• _The data_:
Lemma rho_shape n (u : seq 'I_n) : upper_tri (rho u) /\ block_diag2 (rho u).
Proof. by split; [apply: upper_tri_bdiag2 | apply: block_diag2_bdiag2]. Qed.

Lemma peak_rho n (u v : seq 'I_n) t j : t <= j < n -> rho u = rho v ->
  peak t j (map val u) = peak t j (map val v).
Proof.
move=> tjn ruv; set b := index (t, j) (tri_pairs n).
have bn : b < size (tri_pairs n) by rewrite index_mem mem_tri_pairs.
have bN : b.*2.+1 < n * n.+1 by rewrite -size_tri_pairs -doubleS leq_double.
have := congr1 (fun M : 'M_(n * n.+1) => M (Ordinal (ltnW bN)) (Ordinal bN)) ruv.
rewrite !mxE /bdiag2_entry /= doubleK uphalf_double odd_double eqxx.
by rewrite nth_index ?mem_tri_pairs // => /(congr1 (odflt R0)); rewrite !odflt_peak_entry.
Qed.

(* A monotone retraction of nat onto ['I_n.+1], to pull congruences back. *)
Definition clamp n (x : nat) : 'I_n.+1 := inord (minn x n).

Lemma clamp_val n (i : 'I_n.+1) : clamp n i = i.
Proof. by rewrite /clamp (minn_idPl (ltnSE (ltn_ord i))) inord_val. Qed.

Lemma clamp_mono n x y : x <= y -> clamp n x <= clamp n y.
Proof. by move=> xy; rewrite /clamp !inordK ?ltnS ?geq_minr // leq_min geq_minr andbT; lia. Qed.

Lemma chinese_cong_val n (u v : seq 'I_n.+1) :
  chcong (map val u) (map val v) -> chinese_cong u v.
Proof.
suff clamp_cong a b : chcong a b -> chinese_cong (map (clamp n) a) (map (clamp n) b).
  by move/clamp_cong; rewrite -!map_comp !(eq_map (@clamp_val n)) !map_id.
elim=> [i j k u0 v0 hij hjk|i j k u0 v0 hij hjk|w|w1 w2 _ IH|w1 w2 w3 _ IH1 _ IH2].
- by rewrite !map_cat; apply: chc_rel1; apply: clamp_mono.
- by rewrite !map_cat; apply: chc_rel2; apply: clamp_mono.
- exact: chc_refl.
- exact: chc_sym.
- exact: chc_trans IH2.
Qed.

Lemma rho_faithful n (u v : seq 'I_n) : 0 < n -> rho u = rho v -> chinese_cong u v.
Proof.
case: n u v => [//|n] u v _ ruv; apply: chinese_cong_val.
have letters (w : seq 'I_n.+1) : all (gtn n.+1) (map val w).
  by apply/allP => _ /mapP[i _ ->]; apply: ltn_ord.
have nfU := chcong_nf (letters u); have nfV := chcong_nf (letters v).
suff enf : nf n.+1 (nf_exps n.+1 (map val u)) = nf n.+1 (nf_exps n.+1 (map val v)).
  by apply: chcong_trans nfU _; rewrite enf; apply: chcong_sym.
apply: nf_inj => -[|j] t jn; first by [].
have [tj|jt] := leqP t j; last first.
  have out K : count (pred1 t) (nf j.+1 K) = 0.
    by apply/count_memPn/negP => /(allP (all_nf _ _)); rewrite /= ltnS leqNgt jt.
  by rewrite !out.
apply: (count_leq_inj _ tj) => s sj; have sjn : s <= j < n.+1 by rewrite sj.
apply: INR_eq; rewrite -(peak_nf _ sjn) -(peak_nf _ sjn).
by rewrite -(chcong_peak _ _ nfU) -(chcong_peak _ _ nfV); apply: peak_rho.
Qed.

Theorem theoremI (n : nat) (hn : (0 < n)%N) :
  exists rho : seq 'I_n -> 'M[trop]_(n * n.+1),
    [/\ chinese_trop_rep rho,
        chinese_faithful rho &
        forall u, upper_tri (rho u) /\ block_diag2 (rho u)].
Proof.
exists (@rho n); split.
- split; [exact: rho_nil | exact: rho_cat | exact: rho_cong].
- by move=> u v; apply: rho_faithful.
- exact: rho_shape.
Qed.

* * *

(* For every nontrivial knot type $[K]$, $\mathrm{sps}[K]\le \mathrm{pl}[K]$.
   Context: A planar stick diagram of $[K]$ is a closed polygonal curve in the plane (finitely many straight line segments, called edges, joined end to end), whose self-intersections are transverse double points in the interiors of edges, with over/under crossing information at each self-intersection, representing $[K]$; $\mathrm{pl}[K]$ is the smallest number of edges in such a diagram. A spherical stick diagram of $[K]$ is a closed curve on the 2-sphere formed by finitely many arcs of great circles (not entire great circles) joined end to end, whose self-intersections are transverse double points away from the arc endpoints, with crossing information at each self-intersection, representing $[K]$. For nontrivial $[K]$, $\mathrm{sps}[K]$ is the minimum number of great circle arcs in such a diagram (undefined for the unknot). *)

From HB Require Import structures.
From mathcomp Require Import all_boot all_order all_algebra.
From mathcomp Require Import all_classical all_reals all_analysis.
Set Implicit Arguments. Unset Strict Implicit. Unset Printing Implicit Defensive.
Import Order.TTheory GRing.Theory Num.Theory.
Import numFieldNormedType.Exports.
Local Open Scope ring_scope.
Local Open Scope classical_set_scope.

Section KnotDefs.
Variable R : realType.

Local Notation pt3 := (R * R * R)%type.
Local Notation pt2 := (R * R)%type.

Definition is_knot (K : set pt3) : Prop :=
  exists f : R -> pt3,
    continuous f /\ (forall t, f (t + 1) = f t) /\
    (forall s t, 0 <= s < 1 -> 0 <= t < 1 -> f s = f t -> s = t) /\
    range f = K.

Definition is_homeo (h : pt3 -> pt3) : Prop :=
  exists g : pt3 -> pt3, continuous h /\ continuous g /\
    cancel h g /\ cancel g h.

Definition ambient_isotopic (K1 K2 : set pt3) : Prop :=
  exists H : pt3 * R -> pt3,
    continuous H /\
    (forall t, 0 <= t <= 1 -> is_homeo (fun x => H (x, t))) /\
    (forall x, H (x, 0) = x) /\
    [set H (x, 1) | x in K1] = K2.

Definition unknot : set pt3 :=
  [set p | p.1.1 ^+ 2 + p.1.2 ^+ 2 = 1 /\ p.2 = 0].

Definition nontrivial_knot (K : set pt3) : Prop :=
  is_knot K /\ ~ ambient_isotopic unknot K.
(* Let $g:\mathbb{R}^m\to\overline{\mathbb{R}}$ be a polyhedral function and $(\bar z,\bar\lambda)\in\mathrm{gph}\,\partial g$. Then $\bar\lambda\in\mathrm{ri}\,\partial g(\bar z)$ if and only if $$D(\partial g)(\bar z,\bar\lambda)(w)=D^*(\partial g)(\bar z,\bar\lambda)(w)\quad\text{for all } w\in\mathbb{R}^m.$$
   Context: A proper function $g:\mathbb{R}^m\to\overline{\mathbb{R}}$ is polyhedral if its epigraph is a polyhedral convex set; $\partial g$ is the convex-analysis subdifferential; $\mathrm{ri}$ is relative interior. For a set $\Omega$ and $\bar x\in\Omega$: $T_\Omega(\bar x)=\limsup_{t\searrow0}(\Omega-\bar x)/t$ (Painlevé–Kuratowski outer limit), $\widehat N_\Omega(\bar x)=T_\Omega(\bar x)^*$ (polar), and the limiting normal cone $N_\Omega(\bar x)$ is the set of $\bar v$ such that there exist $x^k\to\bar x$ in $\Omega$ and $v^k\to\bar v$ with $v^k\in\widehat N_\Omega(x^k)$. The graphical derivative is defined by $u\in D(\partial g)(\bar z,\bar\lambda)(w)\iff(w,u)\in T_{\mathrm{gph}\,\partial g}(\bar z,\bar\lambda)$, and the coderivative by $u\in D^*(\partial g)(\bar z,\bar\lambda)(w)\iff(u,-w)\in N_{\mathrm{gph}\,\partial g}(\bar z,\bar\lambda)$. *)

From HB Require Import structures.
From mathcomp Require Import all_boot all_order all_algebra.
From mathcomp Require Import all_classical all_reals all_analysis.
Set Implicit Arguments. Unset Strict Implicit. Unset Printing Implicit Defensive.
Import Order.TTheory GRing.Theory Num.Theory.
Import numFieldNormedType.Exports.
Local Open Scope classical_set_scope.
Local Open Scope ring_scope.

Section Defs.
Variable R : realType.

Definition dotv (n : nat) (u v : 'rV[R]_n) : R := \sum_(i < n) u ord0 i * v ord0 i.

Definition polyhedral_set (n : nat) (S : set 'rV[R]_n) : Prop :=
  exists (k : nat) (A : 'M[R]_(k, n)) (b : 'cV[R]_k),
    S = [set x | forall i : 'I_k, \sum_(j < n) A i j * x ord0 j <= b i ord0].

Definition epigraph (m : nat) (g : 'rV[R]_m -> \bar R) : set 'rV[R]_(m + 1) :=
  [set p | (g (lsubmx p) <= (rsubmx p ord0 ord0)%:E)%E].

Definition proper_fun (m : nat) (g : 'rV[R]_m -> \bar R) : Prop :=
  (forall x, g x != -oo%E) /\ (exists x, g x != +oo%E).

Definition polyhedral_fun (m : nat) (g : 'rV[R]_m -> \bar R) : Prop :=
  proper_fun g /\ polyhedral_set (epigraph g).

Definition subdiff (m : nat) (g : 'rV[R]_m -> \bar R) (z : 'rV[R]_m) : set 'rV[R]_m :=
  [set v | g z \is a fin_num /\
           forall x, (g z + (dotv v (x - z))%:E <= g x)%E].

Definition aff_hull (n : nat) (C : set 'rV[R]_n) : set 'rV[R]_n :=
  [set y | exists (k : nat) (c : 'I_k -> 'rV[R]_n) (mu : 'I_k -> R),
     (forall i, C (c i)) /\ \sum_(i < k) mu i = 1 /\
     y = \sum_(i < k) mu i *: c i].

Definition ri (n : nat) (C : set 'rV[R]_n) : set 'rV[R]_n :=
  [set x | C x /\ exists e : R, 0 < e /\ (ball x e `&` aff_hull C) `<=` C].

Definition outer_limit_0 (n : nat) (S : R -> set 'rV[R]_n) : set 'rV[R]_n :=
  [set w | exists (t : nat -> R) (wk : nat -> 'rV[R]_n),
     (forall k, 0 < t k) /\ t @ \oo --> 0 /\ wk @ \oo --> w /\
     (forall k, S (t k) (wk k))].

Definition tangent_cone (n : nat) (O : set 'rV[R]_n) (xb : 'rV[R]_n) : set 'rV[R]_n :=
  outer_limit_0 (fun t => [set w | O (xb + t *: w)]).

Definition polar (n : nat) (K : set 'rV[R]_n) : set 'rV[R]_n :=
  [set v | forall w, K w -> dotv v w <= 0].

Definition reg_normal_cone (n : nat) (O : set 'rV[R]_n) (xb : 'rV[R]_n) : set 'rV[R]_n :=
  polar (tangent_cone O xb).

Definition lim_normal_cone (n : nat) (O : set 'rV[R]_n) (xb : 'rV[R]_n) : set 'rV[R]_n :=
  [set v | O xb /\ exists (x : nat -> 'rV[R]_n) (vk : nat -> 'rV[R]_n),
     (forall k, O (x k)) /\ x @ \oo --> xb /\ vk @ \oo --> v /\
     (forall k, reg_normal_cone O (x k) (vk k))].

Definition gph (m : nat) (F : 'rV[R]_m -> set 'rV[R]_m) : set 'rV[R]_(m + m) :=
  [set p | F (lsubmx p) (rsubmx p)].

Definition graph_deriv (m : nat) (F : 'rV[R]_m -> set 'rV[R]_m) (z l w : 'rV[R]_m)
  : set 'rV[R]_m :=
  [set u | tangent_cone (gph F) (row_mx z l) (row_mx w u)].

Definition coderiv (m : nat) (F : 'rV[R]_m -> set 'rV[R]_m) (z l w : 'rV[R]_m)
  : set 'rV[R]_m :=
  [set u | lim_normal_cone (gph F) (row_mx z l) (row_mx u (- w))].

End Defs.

==

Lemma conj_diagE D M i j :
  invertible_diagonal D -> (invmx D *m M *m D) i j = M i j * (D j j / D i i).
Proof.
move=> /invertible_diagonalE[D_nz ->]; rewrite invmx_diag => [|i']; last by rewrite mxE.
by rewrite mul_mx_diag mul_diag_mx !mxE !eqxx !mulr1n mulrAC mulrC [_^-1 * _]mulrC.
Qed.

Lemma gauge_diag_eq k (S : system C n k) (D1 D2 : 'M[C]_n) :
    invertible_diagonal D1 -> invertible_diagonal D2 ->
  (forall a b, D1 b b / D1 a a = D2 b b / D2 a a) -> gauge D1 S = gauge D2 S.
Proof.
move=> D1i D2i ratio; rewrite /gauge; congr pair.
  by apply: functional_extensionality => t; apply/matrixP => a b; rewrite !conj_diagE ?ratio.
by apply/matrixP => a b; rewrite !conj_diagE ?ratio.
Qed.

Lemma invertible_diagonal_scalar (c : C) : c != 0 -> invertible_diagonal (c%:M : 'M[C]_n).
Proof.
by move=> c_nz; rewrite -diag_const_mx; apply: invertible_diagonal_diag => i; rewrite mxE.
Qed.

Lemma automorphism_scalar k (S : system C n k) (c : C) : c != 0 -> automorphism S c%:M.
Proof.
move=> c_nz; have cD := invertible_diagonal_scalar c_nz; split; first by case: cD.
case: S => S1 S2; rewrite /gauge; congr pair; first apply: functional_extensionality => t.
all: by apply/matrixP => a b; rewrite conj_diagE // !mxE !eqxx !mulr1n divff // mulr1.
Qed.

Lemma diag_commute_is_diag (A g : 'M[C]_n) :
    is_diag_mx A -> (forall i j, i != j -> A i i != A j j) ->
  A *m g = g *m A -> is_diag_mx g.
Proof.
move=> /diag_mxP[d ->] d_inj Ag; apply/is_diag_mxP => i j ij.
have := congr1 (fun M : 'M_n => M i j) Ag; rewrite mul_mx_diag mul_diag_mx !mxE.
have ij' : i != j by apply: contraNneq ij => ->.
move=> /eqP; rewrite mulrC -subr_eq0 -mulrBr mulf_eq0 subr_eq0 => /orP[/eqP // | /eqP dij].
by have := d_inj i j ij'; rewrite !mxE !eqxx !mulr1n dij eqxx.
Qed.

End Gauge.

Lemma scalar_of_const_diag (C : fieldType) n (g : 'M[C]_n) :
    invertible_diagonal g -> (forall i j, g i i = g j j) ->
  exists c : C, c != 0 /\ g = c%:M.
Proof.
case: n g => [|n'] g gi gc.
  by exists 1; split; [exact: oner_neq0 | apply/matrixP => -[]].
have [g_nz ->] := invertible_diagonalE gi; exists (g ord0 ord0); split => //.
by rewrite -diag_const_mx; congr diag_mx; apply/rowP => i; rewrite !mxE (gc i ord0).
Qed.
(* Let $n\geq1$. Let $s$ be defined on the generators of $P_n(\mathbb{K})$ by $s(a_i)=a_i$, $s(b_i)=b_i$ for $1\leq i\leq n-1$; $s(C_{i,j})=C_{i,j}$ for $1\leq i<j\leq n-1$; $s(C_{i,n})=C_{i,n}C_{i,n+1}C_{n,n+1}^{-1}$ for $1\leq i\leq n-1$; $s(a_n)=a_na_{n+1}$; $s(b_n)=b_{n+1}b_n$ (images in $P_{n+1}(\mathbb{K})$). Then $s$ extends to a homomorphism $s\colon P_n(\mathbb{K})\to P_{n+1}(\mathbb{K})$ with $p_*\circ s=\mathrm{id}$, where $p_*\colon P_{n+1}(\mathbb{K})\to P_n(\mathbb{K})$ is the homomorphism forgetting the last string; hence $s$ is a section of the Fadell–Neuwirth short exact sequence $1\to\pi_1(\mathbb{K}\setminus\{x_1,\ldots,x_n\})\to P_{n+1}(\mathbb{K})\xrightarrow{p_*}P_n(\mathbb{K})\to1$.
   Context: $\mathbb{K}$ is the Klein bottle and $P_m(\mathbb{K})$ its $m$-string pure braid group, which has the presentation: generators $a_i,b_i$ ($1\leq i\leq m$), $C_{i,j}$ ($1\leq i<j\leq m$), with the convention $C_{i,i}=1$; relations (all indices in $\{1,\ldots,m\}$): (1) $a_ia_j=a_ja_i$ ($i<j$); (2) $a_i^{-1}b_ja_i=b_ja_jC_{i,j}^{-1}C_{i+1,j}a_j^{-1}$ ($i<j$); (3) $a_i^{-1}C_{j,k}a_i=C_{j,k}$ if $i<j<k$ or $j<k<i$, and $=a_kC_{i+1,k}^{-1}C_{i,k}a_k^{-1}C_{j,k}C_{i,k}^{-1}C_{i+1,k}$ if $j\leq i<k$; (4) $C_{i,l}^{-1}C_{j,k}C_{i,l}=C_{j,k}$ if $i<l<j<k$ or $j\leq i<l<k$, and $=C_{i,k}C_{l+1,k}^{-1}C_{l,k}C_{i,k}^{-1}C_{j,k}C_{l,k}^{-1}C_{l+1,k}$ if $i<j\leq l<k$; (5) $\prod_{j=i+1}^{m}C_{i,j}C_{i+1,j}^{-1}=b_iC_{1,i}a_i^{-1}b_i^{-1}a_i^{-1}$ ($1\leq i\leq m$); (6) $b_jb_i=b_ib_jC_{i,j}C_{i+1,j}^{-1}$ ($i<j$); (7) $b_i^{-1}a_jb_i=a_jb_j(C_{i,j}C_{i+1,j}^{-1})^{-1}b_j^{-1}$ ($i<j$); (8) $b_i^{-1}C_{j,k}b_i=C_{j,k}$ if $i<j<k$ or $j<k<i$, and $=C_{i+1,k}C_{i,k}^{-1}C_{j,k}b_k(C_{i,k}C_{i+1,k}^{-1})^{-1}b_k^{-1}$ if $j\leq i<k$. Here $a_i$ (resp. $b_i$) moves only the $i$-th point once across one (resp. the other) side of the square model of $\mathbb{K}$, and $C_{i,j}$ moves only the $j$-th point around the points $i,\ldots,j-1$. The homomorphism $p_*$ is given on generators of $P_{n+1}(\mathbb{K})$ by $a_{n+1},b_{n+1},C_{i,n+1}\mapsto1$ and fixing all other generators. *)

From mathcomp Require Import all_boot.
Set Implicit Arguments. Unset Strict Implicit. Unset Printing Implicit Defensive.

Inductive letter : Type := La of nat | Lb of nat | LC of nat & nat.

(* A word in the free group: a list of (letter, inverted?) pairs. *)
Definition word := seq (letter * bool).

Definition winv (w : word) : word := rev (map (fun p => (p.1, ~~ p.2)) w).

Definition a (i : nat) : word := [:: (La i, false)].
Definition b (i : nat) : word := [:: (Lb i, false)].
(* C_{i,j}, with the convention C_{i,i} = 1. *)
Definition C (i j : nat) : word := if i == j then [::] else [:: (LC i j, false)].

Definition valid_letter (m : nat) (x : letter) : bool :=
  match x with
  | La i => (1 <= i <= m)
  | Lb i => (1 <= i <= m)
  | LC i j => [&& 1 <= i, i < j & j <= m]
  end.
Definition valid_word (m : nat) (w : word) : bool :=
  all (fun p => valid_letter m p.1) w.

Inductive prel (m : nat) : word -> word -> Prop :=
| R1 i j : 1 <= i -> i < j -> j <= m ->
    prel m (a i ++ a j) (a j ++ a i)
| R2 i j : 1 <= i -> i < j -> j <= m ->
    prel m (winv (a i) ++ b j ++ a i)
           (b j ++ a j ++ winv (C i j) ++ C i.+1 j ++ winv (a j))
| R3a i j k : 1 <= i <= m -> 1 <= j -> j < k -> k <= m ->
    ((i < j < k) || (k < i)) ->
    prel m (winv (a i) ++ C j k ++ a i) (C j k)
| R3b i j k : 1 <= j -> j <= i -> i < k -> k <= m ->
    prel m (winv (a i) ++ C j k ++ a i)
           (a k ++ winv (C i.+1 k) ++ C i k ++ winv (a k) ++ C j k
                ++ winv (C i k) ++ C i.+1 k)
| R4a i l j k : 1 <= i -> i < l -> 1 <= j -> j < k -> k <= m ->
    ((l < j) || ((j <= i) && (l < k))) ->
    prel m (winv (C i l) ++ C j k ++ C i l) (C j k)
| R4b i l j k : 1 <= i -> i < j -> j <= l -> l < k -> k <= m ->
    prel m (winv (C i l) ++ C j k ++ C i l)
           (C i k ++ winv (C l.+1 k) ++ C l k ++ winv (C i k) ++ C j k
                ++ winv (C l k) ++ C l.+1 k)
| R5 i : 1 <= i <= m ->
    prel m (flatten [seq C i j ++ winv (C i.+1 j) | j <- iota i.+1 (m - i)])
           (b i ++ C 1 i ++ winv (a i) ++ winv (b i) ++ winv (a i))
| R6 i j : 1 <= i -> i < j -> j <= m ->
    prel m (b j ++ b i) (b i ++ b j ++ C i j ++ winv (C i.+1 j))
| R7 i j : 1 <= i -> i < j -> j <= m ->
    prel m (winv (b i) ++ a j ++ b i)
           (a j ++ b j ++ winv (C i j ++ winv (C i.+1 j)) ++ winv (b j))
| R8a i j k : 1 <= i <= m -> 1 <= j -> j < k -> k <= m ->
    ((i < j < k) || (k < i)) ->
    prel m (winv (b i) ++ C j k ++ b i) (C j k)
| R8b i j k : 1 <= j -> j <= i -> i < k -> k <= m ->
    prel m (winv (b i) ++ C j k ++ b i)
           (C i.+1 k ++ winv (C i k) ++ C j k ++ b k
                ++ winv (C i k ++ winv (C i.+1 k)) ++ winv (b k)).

• _Task directions_: In the listing above, find the line containing "Lemma rho_shape n" and the line containing "have letters (w", then retype both and every line between them exactly, with nothing else.

• _Result of the task_:
Lemma rho_shape n (u : seq 'I_n) : upper_tri (rho u) /\ block_diag2 (rho u).
Proof. by split; [apply: upper_tri_bdiag2 | apply: block_diag2_bdiag2]. Qed.

Lemma peak_rho n (u v : seq 'I_n) t j : t <= j < n -> rho u = rho v ->
  peak t j (map val u) = peak t j (map val v).
Proof.
move=> tjn ruv; set b := index (t, j) (tri_pairs n).
have bn : b < size (tri_pairs n) by rewrite index_mem mem_tri_pairs.
have bN : b.*2.+1 < n * n.+1 by rewrite -size_tri_pairs -doubleS leq_double.
have := congr1 (fun M : 'M_(n * n.+1) => M (Ordinal (ltnW bN)) (Ordinal bN)) ruv.
rewrite !mxE /bdiag2_entry /= doubleK uphalf_double odd_double eqxx.
by rewrite nth_index ?mem_tri_pairs // => /(congr1 (odflt R0)); rewrite !odflt_peak_entry.
Qed.

(* A monotone retraction of nat onto ['I_n.+1], to pull congruences back. *)
Definition clamp n (x : nat) : 'I_n.+1 := inord (minn x n).

Lemma clamp_val n (i : 'I_n.+1) : clamp n i = i.
Proof. by rewrite /clamp (minn_idPl (ltnSE (ltn_ord i))) inord_val. Qed.

Lemma clamp_mono n x y : x <= y -> clamp n x <= clamp n y.
Proof. by move=> xy; rewrite /clamp !inordK ?ltnS ?geq_minr // leq_min geq_minr andbT; lia. Qed.

Lemma chinese_cong_val n (u v : seq 'I_n.+1) :
  chcong (map val u) (map val v) -> chinese_cong u v.
Proof.
suff clamp_cong a b : chcong a b -> chinese_cong (map (clamp n) a) (map (clamp n) b).
  by move/clamp_cong; rewrite -!map_comp !(eq_map (@clamp_val n)) !map_id.
elim=> [i j k u0 v0 hij hjk|i j k u0 v0 hij hjk|w|w1 w2 _ IH|w1 w2 w3 _ IH1 _ IH2].
- by rewrite !map_cat; apply: chc_rel1; apply: clamp_mono.
- by rewrite !map_cat; apply: chc_rel2; apply: clamp_mono.
- exact: chc_refl.
- exact: chc_sym.
- exact: chc_trans IH2.
Qed.

Lemma rho_faithful n (u v : seq 'I_n) : 0 < n -> rho u = rho v -> chinese_cong u v.
Proof.
case: n u v => [//|n] u v _ ruv; apply: chinese_cong_val.
have letters (w : seq 'I_n.+1) : all (gtn n.+1) (map val w).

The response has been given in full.